If facts are available at the primitive level, it is easy to deduce derived relationships. On the other hand, if facts are available at the level of derivatives, there would be some ambiguity. For example, if the fact is "Ana is Pepe's cousin," then there would be four possible interpretations:
"Ana is the daughter of herman(o/a) of (p/m)adre de Pepe"
High-level primitive relationships.
One could use: parent (instead of father and mother) and direct descendant (instead of son and daughter).
Derived relationships would be sibling(s), grandparent(s), prim(s), descendant and ascendant.
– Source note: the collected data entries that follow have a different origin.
Lemma card_cross_pairs (X Y : {set 'I_n}) :
  [disjoint X & Y] -> #|cross_pairs X Y| = (#|X| * #|Y|)%N.
Proof.
move=> dXY; have XnY x y : x \in X -> y \in Y -> x != y.
  by move=> xX yY; apply: contraTneq xX => ->; rewrite (disjointFl dXY).
rewrite -(card_imset _ val_inj) -cardsX.
rewrite -[RHS](card_in_imset (f := fun xy => sort_pair xy.1 xy.2)); last first.
  move=> [x y] [x' y'] /setXP [/= xX yY] /setXP [/= x'X y'Y] /=.
  rewrite /sort_pair; case: ifP => _; case: ifP => _ [e1 e2]; rewrite ?e1 ?e2 //.
  - by move: (XnY _ _ xX y'Y); rewrite e1 eqxx.
  - by move: (XnY _ _ xX y'Y); rewrite e2 eqxx.
apply: eq_card => uw; apply/imsetP/imsetP => [[e]|[[x y]]].
  rewrite inE /crossing => /orP [] /andP [e1 e2] ->.
    by exists ((val e).1, (val e).2); rewrite ?inE ?e1 //= /sort_pair (valP e); case: (val e).
  exists ((val e).2, (val e).1); rewrite ?inE ?e1 ?e2 //= /sort_pair ltnNge ltnW ?(valP e) //.
  by case: (val e).
move=> /setXP [/= xX yY] ->.
exists (Sub (sort_pair x y) (sort_pair_lt (XnY _ _ xX yY)) : vpair n) => //.
by rewrite inE /crossing SubK; case: (sort_pairE x y) => -> /=; rewrite xX yY ?orbT.
Qed.
End VertexPairs.

Lemma is_edge_val n (g : graph n) (e : vpair n) : is_edge g (val e).1 (val e).2 = g e.
Proof. by rewrite /is_edge -surjective_pairing valK. Qed.

Lemma is_edge_sym n (g : graph n) u w : is_edge g u w = is_edge g w u.
Proof.
rewrite /is_edge; case: insubP => [e1 /= lt_uw _|_]; case: insubP => //= e2 lt_wu _.
by have := ltn_trans lt_uw lt_wu; rewrite ltnn.
Qed.

Lemma is_edge_agree n (g g' : graph n) (P : 'I_n -> 'I_n -> bool) :
  (forall u w, P u w = P w u) -> (forall e, ~~ P (val e).1 (val e).2 -> g e = g' e) ->
  forall u w, ~~ P u w -> is_edge g u w = is_edge g' u w.
Proof.
move=> P_sym agr u w Puw; rewrite /is_edge.
case: insubP => [e _ e_uw|_]; first by apply: agr; rewrite e_uw.
by case: insubP => [e _ e_wu|_] //; apply: agr; rewrite e_wu P_sym.
Qed.

Lemma adj_mx_inj n : injective (@adj_mx n).
Proof.
move=> g g' /matrixP adj_eq; apply/ffunP => e; rewrite -is_edge_val -[RHS]is_edge_val.
by move: (adj_eq (val e).1 (val e).2); rewrite !mxE; do 2 case: is_edge.
Qed.

Section MatchingEntries.
Variables (R : comPzRingType) (s : nat) (B : 'M[R]_s) (Js : {set 'I_s}) (f : 'I_s -> 'I_s).
Hypothesis Bf : induced_matching (fun i k => B i k != 0) Js f.

Lemma mulmx_matching_entry k (X : 'M[R]_(k, s)) v j :
  j \in Js -> (forall i, i \notin Js -> X v i = 0) -> (X *m B) v (f j) = X v j * B j (f j).
Proof.
move=> jJs X0; rewrite mxE (bigD1 j) //= big1 ?addr0 // => i ij.
have [iJs|/X0 ->] := boolP (i \in Js); last by rewrite mul0r.
by move/negbTE: ij; rewrite -Bf // => /negbFE /eqP ->; rewrite mulr0.
Qed.

Lemma conj_matching_entry (X : 'M[R]_s) j j' : j \in Js -> j' \in Js ->
  (forall i i', X i i' != 0 -> (i \in Js) && (i' \in Js)) ->
  (B^T *m X *m B) (f j) (f j') = B j (f j) * X j j' * B j' (f j').
Proof.
move=> jJs j'Js XJs.
have X0 i i' : (i \notin Js) || (i' \notin Js) -> X i i' = 0.
  by move=> out; apply/eqP; apply: contraTT out => /XJs /andP [-> ->].
have XBE i : (X *m B) i (f j') = X i j' * B j' (f j').
  by rewrite mulmx_matching_entry // => i' i'Js; rewrite X0 ?i'Js ?orbT.
rewrite -mulmxA -[_ *m _]trmxK trmx_mul trmxK mxE mulmx_matching_entry //.
  by rewrite [(X *m B)^T _ _]mxE XBE mulrC mulrA.
by move=> i iJs; rewrite [(X *m B)^T _ _]mxE XBE X0 ?iJs ?mul0r.
Qed.
End MatchingEntries.

Lemma conj_block_mx1 (R : comPzRingType) s m (B : 'M[R]_s) (D : 'M[R]_(s + m)) :
  (block_mx B 0 0 1%:M)^T *m D *m block_mx B 0 0 1%:M =
  block_mx (B^T *m ulsubmx D *m B) (B^T *m ursubmx D) (dlsubmx D *m B) (drsubmx D).
Proof.
rewrite -{1}(submxK D) tr_block_mx !trmx0 trmx1 !mulmx_block.
by rewrite !(mul0mx, mulmx0, addr0, add0r, mulmx1, mul1mx).
Qed.

Section ForcedPairs.
Variables (s m : nat) (Qs : 'M[rat]_s) (Js J1 : {set 'I_s}) (f : 'I_s -> 'I_s).
Hypothesis J1Js : J1 \subset Js.

Let L1 := lshift m @: J1.
Let L2 := lshift m @: (Js :\: J1).
Let L := lshift m @: Js.
Let V := [set rshift s v | v : 'I_m].

Definition forced_pairs : {set vpair (s + m)} := cross_pairs L1 L2 :|: cross_pairs L V.

Let mem_lshift (A : {set 'I_s}) i : (lshift m i \in lshift m @: A) = (i \in A).
Proof. exact/mem_imset/lshift_inj. Qed.

Let rshift_notin_lshift (A : {set 'I_s}) v : (rshift s v \in lshift m @: A) = false.
Proof. by apply/imsetP => -[i _ /eqP]; rewrite eq_rlshift. Qed.

Let lshift_notin_V i : (lshift m i \in V) = false.
Proof. by apply/imsetP => -[v _ /eqP]; rewrite eq_lrshift. Qed.

Let rshift_in_V v : rshift s v \in V.
Proof. by rewrite imset_f. Qed.

Let shift_memE := (mem_lshift, rshift_notin_lshift, lshift_notin_V, rshift_in_V).

Lemma card_forced_pairs : #|forced_pairs| = (#|J1| * #|Js :\: J1| + #|Js| * m)%N.
Proof.
rewrite cardsU (_ : _ :&: _ = set0) ?cards0 ?subn0; last first.
  apply/setP => e; rewrite !inE; case: (val e) => u w /=; rewrite /crossing.
  by case: (split_ordP u) => i ->; case: (split_ordP w) => i' ->; rewrite !shift_memE ?andbF.
have disj_L12 : [disjoint L1 & L2].
  rewrite disjoints_subset; apply/subsetP => _ /imsetP [i iJ1 ->].
  by rewrite !inE mem_lshift inE iJ1.
have disj_LV : [disjoint L & V].
  by rewrite disjoints_subset; apply/subsetP => _ /imsetP [i _ ->]; rewrite inE lshift_notin_V.
rewrite !card_cross_pairs // !card_imset ?cardsT ?card_ord //.
all: by [exact: rshift_inj | exact: lshift_inj].
Qed.

Hypothesis Qf : induced_matching (fun i k => Qs i k != 0) Js f.
Hypothesis Qs_nonint : forall i k, Qs i k != 0 -> Qs i k \isn't a Num.int.
Hypothesis Qs_small : forall i k, Qs i k != 0 -> `|Qs i k| < 1.

Let Q : 'M[rat]_(s + m) := block_mx Qs 0 0 1%:M.

Variables g g' : graph (s + m).
Hypotheses (Qg : int_mx (Q^T *m adj_mx g *m Q)) (Qg' : int_mx (Q^T *m adj_mx g' *m Q)).
Hypothesis agree_unforced : forall e, e \notin forced_pairs -> g e = g' e.

Let D := adj_mx g - adj_mx g'.

Let DE u w : D u w = (is_edge g u w)%:R - (is_edge g' u w)%:R.
Proof. by rewrite !mxE. Qed.

Let D_sym u w : D u w = D w u.
Proof. by rewrite !DE is_edge_sym [is_edge g' u w]is_edge_sym. Qed.

Let forced u w := crossing L1 L2 u w || crossing L V u w.

Let D_unforced u w : ~~ forced u w -> D u w = 0.
Proof.
move=> uw; rewrite DE (@is_edge_agree _ g g' forced) ?subrr // => [u' w'|e eF].
  by rewrite /forced crossingC [crossing L _ _ _]crossingC.
by apply: agree_unforced; rewrite !inE.
Qed.

Let D_int u w : (Q^T *m D *m Q) u w \is a Num.int.
Proof.
have entry_int M : int_mx M -> M u w \is a Num.int by move/forallP/(_ u)/forallP/(_ w).
by rewrite /D mulmxBr mulmxBl mxE [X in _ + X]mxE rpredB ?entry_int.
Qed.

Let Qs_diag_neq0 i : i \in Js -> Qs i (f i) != 0.
Proof. by move=> iJs; rewrite Qf ?eqxx. Qed.

Let D_dl_eq0 v i : D (rshift s v) (lshift m i) = 0.
Proof.
have [iJs|iJs] := boolP (i \in Js); last first.
  by apply: D_unforced; rewrite /forced /crossing !shift_memE (negbTE iJs).
have := D_int (rshift s v) (lshift m (f i)); rewrite conj_block_mx1 block_mxEdl.
rewrite (mulmx_matching_entry Qf) // => [|i' i'Js]; last first.
  by rewrite 2!mxE D_unforced // /forced /crossing !shift_memE (negbTE i'Js).
by rewrite 2!mxE DE => /bool_subr_mulr_int ->; rewrite ?subrr ?Qs_nonint ?Qs_diag_neq0.
Qed.

Let D_ul_eq0 i i' : i \in J1 -> i' \in Js :\: J1 -> D (lshift m i) (lshift m i') = 0.
Proof.
move=> iJ1 i'J2; have iJs := subsetP J1Js _ iJ1; have i'Js : i' \in Js by case/setDP: i'J2.
have := D_int (lshift m (f i)) (lshift m (f i')); rewrite conj_block_mx1 block_mxEul.
rewrite (conj_matching_entry Qf) // => [|a b]; last first.
  rewrite 2!mxE; apply: contraNT => ab; apply/eqP; apply: D_unforced; move: ab.
  rewrite /forced /crossing !shift_memE !inE orbF.
  by have := subsetP J1Js a; have := subsetP J1Js b; do 2 case: (_ \in J1); do 2 case: (_ \in Js).
rewrite 2!mxE DE mulrAC mulrC => /bool_subr_mulr_int ->; rewrite ?subrr //.
by apply: mulr_small_nonint; rewrite ?Qs_small ?Qs_diag_neq0.
Qed.

Let D_ll_eq0 i i' : D (lshift m i) (lshift m i') = 0.
Proof.
have [/andP [iJ1 i'J2]|n1] := boolP ((i \in J1) && (i' \in Js :\: J1)); first exact: D_ul_eq0.
have [/andP [i'J1 iJ2]|n2] := boolP ((i' \in J1) && (i \in Js :\: J1)).
  by rewrite D_sym D_ul_eq0.
apply: D_unforced; rewrite /forced /crossing !shift_memE andbF !orbF negb_or n1 /=.
by rewrite andbC.
Qed.

Lemma forced_pairs_determine : g = g'.
Proof.
apply/adj_mx_inj/eqP; rewrite -subr_eq0 -/D; apply/eqP/matrixP => u w; rewrite [RHS]mxE.
case: (split_ordP u) => i ->; case: (split_ordP w) => i' ->.
- exact: D_ll_eq0.
- by rewrite D_sym D_dl_eq0.
- exact: D_dl_eq0.
- by apply: D_unforced; rewrite /forced /crossing !shift_memE.
Qed.
End ForcedPairs.

Lemma half_product_bound (R : realFieldType) (T m : nat) (x : R) :
  0 <= x -> 2 * x <= T%:R -> x * (x + m%:R - 1) <= (T./2 * (T - T./2) + T * m)%:R.
Proof.
have : (T = T./2 + (T - T./2) /\ (T - T./2 = T./2 \/ T - T./2 = (T./2).+1))%N.
  by rewrite -divn2; lia.
move: (T./2) (T - T./2)%N => h k [-> [] ->]; rewrite -?[h.+1]addn1 !(natrD, natrM).
all: have : 0 <= h%:R :> R by []; have : 0 <= m%:R :> R by [].
all: move: (h%:R) (m%:R) => a b b_ge0 a_ge0 x_ge0 x_le.
- have : x * b <= (a + a) * b by nra.
  nra.
- have : x * b <= (a + (a + 1)) * b by nra.
  have : 0 <= (a + 1 - x) * (a + x) by nra.
  nra.
Qed.

Theorem mainTheorem2 (R : realType) (s m l : nat) (Qs : 'M[rat]_s) (p : R) :
  (1 <= s)%N -> (1 <= l)%N ->
  rat_orthogonal Qs -> is_level Qs l ->
  (forall i j, Qs i j = 0 \/ Qs i j \isn't a Num.int) ->
  0 < p < 1 ->
  let Q : 'M[rat]_(s + m) := block_mx Qs 0 0 1%:M in
  let x : R := s%:R / (2 * (l ^ 4)%N%:R) in
  gnp_prob p (fun g : graph (s + m) => int_mx (Q^T *m adj_mx g *m Q))
  <= (Num.max p (1 - p)) `^ (x * (x + m%:R - 1)).
Proof.
move=> _ l_gt0 orthQ [_ [lev _]] Qs_entries /andP [p_gt0 p_lt1]; cbv zeta.
have Qs_int i k : l%:R * Qs i k \is a Num.int.
  by move/forallP: lev => /(_ i) /forallP /(_ k); rewrite mxE.
have Qs_nonint i k : Qs i k != 0 -> Qs i k \isn't a Num.int.
  by case: (Qs_entries i k) => [->|//]; rewrite eqxx.
have Qs_small i k : Qs i k != 0 -> `|Qs i k| < 1.
  by move=> Qik; apply: nonint_norm_lt1 (orthogonal_entry_sqr_le1 orthQ i k) (Qs_nonint i k Qik).
have [|i|k|Js [f [Qf]]] := @induced_matching_exists _ _ (fun i k => Qs i k != 0) (l ^ 2) (l ^ 2).
- exact: orthogonal_row_neq0.
- by apply: card_support_le l_gt0 (orthogonal_row_norm orthQ i) _ => k.
- by apply: card_support_le l_gt0 (orthogonal_col_norm orthQ k) _ => i.
rewrite card_ord -expnD => s_le.
have [J1 J1Js cardJ1] : exists2 J1 : {set 'I_s}, J1 \subset Js & #|J1| = #|Js|./2.
  by apply: exists_subset_card; rewrite -divn2 leq_div.
have p01 : 0 <= p <= 1 by rewrite !ltW.
apply: le_trans (gnp_prob_determined_le p01 (S := forced_pairs m Js J1) _) _.
  by move=> g g' Qg Qg'; apply: (forced_pairs_determine J1Js Qf Qs_nonint Qs_small Qg Qg').
have q_gt0 : 0 < Num.max p (1 - p) by rewrite lt_max p_gt0.
have q_le1 : Num.max p (1 - p) <= 1 by rewrite ge_max !ltW // ltrBlDr ltrDl.
rewrite card_forced_pairs -(powR_mulrn _ (ltW q_gt0)); apply: ger_powR; first by rewrite q_gt0.
rewrite cardsDS // cardJ1; apply: half_product_bound; first by rewrite divr_ge0.
rewrite mulrA ler_pdivrMr; last by rewrite mulr_gt0 // ltr0n expn_gt0 l_gt0.
by rewrite mulrCA -!natrM ler_nat leq_mul2l s_le orbT.
Qed.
In the case of the previous fact ("Ana is Pepe's cousin"), the expression is simplified by using more generic primitives, with two possible interpretations:
"Ana is a direct descendant of herman(o/a) of Pepe's progenitor"
Propositional logic
In this domain it is possible to use a single two-parameter (p and q) low-level semantic primitive: "neither p nor q" (p↓q), called "Peirce's arrow or "Quine's dagger", defined by means of the following truth table:
p
q
p↓q
0
0
1
0
1
0
1
0
0
1
1
0
This primitive is equivalent to: (p∨q)' = p'∧q' = NOR (Not Or).
By means of this single primitive it is possible to express other logical operations (derivatives):
This is a representative example of definitional simplicity. If a higher level of abstraction approach with conceptual simplicity had been adopted, then "negation" and "conjunction" would have been chosen as primitives:
The disjunction would be defined as derived from the previous two: p∨q = (p'∧q')'
The implication would be defined as: p→q = p'∨q
One could also have chosen "negation" and "disjunction" as primitives and defined conjunction and implication as derivatives:
p∧q = (p'∨q)'
p→q = p'∨q
One could have used the dual logical operation to NOR:
(p∧q)' = p'∨q' = NAND (Not And).
This is the so-called "Sheaffer's bar" (p|q), whose truth table is.
p
q
p|q
0
0
1
0
1
1
1
0
1
1
1
0
Bibliography
Dekker, Paul J.E. Dynamic Semantics. Springer, 2012.
Eco, Umberto. La búsqueda de la lengua perfecta. Crítica, 1993.